▸ **Work to be completed**
Lines from the top of the entries through the line that has "Definition rel_m (x" must be duplicated exactly, and no others.
-------- Data extract --------
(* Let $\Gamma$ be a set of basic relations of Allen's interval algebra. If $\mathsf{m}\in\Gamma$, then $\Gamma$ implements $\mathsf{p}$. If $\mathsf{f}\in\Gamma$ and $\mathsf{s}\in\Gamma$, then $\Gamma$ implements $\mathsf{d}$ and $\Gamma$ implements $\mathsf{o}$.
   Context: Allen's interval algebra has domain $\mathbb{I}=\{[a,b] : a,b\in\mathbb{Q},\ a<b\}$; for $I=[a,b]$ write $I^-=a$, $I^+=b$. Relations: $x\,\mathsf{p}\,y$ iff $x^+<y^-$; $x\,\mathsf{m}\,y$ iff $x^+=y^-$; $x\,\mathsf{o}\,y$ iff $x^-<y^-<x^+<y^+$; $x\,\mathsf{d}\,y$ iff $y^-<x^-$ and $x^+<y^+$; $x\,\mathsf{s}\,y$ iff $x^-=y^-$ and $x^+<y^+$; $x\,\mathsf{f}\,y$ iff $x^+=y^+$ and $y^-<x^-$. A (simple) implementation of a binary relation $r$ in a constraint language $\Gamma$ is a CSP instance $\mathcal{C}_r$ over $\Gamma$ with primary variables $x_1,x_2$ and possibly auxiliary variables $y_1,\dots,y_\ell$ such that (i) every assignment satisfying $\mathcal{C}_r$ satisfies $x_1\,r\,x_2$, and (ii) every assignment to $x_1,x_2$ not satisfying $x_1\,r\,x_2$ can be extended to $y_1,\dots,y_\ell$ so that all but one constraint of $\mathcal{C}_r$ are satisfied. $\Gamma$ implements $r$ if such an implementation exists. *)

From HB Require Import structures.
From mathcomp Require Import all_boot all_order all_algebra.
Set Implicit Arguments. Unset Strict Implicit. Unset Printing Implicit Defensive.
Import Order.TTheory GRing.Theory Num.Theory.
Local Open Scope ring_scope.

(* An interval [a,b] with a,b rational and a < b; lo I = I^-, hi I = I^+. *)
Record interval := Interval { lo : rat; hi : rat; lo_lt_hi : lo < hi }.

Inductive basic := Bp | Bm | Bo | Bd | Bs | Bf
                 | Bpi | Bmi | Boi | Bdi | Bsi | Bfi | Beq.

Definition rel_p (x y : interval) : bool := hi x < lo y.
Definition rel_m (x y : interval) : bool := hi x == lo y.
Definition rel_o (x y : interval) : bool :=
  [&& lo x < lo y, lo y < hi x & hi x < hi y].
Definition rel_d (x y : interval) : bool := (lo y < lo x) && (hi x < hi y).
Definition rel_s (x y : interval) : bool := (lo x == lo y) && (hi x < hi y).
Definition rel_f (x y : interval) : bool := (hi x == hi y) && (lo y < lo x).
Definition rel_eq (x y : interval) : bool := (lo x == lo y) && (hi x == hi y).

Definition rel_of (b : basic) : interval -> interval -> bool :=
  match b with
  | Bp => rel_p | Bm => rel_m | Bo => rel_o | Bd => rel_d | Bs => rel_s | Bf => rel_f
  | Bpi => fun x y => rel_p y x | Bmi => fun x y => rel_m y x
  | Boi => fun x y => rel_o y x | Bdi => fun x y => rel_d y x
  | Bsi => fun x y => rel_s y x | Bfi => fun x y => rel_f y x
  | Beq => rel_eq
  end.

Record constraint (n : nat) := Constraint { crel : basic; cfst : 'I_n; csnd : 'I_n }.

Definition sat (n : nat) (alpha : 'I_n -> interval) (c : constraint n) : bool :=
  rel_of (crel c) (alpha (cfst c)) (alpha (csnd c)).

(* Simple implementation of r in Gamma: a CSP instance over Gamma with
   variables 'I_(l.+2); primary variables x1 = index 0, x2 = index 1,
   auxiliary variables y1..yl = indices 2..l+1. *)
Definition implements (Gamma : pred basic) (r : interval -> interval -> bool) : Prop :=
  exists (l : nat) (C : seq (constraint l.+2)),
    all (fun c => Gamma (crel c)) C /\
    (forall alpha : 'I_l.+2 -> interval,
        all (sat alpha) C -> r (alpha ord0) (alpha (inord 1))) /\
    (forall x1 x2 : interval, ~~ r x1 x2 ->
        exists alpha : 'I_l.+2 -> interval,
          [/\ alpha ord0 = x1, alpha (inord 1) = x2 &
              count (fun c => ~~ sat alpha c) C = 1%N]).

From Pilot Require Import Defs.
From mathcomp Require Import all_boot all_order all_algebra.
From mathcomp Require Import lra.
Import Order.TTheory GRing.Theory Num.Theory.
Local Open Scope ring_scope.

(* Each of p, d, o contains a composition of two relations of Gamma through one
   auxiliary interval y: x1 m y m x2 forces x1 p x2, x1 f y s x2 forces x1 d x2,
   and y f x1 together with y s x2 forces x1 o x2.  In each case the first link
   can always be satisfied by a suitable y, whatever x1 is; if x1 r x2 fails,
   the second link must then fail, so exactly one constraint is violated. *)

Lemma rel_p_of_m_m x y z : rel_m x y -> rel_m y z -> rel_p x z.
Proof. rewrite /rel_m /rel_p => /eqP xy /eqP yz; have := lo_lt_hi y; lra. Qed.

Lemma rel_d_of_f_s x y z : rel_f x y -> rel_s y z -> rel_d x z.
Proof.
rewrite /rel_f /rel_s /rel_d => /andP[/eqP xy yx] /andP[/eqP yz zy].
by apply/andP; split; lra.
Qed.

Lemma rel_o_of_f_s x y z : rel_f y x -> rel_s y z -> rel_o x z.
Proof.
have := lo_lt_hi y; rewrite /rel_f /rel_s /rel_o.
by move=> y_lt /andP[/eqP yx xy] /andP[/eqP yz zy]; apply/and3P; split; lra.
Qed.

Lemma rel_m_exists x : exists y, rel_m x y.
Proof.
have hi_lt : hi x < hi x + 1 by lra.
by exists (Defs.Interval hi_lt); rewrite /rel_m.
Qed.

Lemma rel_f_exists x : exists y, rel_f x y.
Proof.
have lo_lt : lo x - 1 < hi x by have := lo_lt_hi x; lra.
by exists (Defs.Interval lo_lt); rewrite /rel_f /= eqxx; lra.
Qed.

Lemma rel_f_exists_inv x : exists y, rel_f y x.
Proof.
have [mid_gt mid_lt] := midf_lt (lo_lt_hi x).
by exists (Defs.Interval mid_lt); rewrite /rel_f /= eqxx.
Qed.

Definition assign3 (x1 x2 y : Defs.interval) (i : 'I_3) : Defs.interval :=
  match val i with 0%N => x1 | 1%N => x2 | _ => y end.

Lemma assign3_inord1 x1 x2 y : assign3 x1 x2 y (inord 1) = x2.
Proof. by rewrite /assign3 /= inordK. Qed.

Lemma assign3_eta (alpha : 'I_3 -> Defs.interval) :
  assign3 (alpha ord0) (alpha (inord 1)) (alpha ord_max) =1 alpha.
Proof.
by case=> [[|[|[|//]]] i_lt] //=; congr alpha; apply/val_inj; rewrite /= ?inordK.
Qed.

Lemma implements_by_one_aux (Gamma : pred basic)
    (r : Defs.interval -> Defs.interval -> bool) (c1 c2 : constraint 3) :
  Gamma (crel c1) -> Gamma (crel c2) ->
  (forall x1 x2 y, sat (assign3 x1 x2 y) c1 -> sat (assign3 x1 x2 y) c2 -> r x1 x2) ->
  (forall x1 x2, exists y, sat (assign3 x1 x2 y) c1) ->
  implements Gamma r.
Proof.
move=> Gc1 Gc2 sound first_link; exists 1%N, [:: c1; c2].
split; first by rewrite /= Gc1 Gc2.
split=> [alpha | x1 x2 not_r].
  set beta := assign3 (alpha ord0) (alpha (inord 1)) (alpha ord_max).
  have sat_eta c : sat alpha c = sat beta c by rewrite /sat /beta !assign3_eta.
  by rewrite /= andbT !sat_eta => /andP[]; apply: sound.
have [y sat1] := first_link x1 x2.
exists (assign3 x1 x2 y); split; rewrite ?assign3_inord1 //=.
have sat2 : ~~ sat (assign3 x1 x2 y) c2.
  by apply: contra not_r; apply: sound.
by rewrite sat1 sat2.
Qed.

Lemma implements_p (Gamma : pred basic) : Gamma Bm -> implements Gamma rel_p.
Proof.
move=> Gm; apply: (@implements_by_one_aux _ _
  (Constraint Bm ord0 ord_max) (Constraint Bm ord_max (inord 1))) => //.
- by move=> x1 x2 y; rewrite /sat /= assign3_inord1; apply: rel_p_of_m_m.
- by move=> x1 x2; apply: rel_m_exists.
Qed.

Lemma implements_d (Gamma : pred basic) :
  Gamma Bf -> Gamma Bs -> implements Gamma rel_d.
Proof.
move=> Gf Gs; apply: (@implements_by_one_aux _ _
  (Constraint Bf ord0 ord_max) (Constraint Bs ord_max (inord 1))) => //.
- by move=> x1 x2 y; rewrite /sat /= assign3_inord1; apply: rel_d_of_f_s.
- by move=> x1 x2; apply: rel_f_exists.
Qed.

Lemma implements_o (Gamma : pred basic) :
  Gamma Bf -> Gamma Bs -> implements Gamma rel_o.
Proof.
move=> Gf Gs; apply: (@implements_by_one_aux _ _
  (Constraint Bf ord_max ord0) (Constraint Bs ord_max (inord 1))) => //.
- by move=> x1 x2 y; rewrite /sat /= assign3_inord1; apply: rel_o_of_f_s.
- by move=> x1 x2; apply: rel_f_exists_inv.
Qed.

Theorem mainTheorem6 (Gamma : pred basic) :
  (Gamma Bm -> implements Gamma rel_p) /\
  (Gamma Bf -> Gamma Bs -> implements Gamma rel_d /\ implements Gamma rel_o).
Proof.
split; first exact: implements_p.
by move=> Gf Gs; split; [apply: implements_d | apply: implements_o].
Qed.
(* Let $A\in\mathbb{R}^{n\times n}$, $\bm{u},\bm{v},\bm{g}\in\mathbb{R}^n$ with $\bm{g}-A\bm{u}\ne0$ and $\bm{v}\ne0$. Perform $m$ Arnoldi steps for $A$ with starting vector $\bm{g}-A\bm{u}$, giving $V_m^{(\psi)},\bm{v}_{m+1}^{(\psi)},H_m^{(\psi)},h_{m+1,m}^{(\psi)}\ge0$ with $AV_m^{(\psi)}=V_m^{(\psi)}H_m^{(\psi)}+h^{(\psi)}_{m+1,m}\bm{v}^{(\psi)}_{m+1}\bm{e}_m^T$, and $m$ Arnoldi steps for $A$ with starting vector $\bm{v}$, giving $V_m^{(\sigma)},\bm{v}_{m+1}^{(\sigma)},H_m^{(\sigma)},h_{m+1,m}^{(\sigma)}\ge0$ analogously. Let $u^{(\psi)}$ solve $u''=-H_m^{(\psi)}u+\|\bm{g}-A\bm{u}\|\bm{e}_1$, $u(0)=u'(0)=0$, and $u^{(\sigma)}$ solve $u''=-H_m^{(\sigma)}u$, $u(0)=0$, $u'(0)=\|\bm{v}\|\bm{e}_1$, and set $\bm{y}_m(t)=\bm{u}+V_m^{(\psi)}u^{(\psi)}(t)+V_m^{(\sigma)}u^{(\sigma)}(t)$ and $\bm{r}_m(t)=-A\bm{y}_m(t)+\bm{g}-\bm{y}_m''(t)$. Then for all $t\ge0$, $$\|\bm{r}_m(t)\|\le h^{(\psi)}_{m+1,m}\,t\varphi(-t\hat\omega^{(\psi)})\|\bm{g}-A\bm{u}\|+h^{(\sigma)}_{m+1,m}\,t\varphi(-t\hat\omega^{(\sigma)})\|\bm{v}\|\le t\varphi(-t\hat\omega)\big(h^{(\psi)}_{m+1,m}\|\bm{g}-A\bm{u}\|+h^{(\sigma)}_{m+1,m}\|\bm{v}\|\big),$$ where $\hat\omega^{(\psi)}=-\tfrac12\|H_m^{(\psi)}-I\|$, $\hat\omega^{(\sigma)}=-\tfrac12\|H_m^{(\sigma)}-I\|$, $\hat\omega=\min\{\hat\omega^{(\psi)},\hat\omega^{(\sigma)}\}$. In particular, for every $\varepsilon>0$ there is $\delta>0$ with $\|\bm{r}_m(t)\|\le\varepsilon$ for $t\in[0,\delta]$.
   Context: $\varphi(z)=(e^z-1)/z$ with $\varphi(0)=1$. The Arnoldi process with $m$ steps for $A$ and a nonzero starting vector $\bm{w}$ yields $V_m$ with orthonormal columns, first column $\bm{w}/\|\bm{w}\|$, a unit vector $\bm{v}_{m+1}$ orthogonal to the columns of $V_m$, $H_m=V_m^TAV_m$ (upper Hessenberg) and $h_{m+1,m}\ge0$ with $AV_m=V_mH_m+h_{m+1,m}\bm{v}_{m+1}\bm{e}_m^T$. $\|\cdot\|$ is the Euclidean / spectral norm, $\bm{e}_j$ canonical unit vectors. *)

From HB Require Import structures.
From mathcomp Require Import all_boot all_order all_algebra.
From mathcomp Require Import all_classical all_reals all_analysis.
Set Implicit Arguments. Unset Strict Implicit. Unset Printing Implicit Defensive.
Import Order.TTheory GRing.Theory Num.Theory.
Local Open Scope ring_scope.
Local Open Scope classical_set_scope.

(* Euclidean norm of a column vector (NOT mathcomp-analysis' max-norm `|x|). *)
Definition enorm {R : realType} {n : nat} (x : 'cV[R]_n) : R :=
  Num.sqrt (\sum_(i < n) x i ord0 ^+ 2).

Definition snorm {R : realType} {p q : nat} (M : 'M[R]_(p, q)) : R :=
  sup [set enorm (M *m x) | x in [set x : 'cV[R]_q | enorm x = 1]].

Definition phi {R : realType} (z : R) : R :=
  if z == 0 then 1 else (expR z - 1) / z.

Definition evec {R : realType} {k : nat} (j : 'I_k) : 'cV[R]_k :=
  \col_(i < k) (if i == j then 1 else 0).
--------
▸ **The completed task**
(* Let $\Gamma$ be a set of basic relations of Allen's interval algebra. If $\mathsf{m}\in\Gamma$, then $\Gamma$ implements $\mathsf{p}$. If $\mathsf{f}\in\Gamma$ and $\mathsf{s}\in\Gamma$, then $\Gamma$ implements $\mathsf{d}$ and $\Gamma$ implements $\mathsf{o}$.
   Context: Allen's interval algebra has domain $\mathbb{I}=\{[a,b] : a,b\in\mathbb{Q},\ a<b\}$; for $I=[a,b]$ write $I^-=a$, $I^+=b$. Relations: $x\,\mathsf{p}\,y$ iff $x^+<y^-$; $x\,\mathsf{m}\,y$ iff $x^+=y^-$; $x\,\mathsf{o}\,y$ iff $x^-<y^-<x^+<y^+$; $x\,\mathsf{d}\,y$ iff $y^-<x^-$ and $x^+<y^+$; $x\,\mathsf{s}\,y$ iff $x^-=y^-$ and $x^+<y^+$; $x\,\mathsf{f}\,y$ iff $x^+=y^+$ and $y^-<x^-$. A (simple) implementation of a binary relation $r$ in a constraint language $\Gamma$ is a CSP instance $\mathcal{C}_r$ over $\Gamma$ with primary variables $x_1,x_2$ and possibly auxiliary variables $y_1,\dots,y_\ell$ such that (i) every assignment satisfying $\mathcal{C}_r$ satisfies $x_1\,r\,x_2$, and (ii) every assignment to $x_1,x_2$ not satisfying $x_1\,r\,x_2$ can be extended to $y_1,\dots,y_\ell$ so that all but one constraint of $\mathcal{C}_r$ are satisfied. $\Gamma$ implements $r$ if such an implementation exists. *)

From HB Require Import structures.
From mathcomp Require Import all_boot all_order all_algebra.
Set Implicit Arguments. Unset Strict Implicit. Unset Printing Implicit Defensive.
Import Order.TTheory GRing.Theory Num.Theory.
Local Open Scope ring_scope.

(* An interval [a,b] with a,b rational and a < b; lo I = I^-, hi I = I^+. *)
Record interval := Interval { lo : rat; hi : rat; lo_lt_hi : lo < hi }.

Inductive basic := Bp | Bm | Bo | Bd | Bs | Bf
                 | Bpi | Bmi | Boi | Bdi | Bsi | Bfi | Beq.

Definition rel_p (x y : interval) : bool := hi x < lo y.
Definition rel_m (x y : interval) : bool := hi x == lo y.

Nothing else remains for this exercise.